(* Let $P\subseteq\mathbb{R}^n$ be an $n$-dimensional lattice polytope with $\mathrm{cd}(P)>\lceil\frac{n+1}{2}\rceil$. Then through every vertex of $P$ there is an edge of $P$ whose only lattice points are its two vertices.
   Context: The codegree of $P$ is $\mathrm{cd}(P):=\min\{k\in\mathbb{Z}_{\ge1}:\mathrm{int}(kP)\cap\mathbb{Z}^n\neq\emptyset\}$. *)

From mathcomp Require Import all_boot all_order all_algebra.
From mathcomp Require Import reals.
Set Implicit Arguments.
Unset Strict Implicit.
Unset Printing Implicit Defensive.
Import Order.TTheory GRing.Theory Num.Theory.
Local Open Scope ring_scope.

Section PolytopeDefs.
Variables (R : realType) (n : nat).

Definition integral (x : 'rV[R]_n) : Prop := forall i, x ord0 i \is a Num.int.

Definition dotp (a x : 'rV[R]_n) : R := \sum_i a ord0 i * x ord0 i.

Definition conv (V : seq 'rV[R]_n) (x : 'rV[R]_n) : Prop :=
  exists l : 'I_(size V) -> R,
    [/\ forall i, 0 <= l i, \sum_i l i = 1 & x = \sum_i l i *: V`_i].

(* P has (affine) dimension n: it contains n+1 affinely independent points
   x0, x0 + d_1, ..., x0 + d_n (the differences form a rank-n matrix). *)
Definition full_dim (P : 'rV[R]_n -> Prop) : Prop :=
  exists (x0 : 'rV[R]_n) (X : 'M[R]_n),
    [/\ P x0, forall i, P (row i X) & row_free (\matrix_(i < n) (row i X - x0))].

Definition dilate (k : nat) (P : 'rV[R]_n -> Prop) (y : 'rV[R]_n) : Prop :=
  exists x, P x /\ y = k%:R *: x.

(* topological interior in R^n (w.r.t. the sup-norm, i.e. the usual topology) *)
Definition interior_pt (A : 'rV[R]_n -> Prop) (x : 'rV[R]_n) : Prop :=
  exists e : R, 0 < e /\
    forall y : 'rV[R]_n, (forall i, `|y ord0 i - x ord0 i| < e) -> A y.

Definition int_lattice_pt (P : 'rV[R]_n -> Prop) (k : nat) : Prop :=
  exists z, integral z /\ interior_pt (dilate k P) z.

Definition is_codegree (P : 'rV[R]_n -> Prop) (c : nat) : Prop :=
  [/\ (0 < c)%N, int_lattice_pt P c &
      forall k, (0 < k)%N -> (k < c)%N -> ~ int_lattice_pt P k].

###

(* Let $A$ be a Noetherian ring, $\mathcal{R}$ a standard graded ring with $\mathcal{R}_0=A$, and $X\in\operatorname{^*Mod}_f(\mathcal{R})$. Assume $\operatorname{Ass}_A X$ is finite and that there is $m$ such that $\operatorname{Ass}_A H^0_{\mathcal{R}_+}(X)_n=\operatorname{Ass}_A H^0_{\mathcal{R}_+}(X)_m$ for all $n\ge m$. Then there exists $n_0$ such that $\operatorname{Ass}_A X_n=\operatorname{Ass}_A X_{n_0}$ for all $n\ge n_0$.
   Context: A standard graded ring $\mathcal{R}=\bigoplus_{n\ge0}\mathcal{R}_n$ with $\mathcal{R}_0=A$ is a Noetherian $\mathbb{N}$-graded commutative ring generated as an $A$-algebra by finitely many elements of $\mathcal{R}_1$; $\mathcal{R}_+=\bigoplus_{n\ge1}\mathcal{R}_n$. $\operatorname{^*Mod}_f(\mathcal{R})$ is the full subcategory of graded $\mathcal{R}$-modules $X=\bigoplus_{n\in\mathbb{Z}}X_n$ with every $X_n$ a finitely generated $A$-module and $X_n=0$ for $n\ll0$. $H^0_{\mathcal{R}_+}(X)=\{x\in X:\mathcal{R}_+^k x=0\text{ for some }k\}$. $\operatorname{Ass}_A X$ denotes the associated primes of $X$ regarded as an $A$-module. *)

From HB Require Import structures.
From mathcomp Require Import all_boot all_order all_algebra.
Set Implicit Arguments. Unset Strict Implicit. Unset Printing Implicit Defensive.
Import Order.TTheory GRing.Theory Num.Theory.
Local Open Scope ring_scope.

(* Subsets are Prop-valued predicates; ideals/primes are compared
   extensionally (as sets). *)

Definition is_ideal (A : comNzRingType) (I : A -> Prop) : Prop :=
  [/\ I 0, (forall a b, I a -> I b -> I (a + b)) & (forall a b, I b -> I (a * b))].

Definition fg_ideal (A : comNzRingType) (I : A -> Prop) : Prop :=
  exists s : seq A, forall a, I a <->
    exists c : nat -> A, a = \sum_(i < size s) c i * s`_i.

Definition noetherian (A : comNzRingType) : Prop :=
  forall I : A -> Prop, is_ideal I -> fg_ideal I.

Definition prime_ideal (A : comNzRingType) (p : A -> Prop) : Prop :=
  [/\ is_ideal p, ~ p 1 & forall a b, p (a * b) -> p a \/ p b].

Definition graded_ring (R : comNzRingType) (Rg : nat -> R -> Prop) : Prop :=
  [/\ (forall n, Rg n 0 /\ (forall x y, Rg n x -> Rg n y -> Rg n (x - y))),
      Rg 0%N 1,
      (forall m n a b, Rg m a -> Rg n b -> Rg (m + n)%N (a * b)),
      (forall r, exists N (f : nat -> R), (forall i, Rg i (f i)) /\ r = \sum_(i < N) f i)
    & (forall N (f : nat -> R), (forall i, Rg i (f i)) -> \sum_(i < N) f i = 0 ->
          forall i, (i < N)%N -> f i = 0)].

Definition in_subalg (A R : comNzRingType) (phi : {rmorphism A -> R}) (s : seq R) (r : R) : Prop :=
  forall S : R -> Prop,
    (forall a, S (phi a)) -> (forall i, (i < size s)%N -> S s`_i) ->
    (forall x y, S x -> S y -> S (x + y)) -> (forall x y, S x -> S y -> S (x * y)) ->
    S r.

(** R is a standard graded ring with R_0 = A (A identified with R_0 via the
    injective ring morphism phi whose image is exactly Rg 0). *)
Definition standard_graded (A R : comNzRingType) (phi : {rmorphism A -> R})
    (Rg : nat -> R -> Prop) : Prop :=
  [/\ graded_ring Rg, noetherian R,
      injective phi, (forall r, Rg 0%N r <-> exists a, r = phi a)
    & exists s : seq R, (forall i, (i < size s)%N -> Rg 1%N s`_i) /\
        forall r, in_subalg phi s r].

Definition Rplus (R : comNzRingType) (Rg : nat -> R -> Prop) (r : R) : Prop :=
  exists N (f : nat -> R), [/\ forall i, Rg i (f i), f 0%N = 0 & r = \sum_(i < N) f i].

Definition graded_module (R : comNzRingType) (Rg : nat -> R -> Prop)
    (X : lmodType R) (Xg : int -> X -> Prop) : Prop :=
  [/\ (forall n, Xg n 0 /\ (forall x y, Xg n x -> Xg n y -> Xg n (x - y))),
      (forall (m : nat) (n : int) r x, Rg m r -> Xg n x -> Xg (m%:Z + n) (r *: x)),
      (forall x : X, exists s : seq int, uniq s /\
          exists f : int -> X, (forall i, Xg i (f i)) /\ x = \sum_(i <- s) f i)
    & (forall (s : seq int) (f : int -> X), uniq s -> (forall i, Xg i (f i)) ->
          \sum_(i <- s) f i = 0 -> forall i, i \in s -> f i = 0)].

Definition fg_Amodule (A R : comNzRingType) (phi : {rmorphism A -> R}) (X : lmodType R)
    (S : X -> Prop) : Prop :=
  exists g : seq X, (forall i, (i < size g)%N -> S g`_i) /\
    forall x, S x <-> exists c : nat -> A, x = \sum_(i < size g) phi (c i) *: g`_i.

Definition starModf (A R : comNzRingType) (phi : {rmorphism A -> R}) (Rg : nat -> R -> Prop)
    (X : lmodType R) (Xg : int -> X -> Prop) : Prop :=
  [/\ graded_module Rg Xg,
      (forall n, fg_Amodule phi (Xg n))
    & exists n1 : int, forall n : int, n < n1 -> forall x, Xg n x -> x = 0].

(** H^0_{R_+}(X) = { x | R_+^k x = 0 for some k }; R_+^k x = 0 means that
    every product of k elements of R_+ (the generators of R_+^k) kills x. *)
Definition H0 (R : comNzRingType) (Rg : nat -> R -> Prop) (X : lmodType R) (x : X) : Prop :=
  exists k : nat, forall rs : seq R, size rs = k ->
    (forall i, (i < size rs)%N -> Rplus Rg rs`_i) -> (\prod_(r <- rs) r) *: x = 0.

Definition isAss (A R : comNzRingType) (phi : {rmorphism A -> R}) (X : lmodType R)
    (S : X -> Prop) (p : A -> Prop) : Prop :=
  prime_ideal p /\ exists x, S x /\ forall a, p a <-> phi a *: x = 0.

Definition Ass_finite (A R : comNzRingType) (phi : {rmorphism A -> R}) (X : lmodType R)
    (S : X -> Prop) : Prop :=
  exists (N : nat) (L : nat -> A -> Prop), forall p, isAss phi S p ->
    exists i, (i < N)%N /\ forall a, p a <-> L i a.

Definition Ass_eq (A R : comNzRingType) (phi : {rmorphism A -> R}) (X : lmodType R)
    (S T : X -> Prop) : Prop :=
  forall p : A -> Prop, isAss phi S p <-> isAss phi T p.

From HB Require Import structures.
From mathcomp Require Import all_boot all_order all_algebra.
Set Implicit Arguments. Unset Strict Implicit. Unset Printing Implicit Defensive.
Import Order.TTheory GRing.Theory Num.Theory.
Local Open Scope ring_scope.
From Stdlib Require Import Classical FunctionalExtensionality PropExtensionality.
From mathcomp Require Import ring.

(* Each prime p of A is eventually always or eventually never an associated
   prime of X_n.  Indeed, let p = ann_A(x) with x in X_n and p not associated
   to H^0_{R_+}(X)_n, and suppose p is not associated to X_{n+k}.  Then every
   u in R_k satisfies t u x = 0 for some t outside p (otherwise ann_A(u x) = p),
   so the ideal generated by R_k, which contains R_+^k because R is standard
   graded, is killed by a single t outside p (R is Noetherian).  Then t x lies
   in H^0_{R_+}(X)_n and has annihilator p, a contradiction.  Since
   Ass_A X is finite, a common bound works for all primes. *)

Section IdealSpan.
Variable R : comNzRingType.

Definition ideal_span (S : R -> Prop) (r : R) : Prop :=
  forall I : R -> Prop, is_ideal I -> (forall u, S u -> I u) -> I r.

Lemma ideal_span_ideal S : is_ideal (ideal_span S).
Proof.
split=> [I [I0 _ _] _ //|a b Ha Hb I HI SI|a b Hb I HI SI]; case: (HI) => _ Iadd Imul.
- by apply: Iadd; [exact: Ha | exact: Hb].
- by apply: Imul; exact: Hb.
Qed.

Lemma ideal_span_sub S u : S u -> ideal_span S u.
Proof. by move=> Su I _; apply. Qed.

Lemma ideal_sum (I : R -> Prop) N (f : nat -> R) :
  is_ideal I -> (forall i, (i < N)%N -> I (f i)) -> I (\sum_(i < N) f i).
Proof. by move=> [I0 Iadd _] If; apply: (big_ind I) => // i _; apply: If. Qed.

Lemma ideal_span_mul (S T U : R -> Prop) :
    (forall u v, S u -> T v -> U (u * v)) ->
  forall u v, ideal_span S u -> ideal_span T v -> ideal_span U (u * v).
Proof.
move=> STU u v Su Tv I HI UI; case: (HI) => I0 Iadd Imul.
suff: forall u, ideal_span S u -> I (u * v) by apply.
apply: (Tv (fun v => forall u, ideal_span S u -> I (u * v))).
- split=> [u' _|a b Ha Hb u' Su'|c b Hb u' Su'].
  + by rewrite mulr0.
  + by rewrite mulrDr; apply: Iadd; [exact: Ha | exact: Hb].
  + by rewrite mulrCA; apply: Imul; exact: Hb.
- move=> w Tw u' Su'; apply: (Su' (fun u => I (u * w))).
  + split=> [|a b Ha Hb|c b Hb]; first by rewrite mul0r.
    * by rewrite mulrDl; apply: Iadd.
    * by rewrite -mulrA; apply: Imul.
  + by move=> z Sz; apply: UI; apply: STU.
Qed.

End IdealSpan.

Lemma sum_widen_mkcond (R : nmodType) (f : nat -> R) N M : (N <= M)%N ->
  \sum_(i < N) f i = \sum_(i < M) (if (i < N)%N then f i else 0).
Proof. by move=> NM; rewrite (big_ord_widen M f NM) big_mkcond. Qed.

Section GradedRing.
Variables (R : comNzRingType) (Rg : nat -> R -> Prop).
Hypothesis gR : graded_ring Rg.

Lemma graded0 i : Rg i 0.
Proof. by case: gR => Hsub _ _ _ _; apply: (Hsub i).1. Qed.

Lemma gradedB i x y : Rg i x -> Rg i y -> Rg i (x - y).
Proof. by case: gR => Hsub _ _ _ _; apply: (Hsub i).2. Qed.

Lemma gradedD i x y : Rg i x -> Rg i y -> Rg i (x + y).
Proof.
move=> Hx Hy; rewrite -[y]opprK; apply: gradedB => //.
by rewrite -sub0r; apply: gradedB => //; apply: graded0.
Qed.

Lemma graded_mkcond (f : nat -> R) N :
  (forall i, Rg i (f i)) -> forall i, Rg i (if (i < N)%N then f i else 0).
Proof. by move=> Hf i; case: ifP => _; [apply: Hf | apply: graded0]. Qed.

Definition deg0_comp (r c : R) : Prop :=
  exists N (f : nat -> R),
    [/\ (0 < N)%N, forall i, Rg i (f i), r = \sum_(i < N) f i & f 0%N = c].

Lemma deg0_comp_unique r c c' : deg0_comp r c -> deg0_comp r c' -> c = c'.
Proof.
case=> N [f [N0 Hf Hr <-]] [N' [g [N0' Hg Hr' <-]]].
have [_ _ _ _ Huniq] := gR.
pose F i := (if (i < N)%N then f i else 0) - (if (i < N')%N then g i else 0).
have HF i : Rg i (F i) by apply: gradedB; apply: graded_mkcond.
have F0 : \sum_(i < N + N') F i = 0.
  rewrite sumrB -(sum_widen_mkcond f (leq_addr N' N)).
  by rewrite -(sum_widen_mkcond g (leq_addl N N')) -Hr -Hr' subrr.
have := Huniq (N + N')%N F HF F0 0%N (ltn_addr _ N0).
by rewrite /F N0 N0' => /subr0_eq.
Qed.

###

**What the exercise asks:** What is needed is a verbatim copy of every line in the records above from the one containing "[/\ (0 < c)%N, int_lattice_pt P c &" down to the one containing "forall k, (0", both included, and nothing more.

**Finished task:**
  [/\ (0 < c)%N, int_lattice_pt P c &
      forall k, (0 < k)%N -> (k < c)%N -> ~ int_lattice_pt P k].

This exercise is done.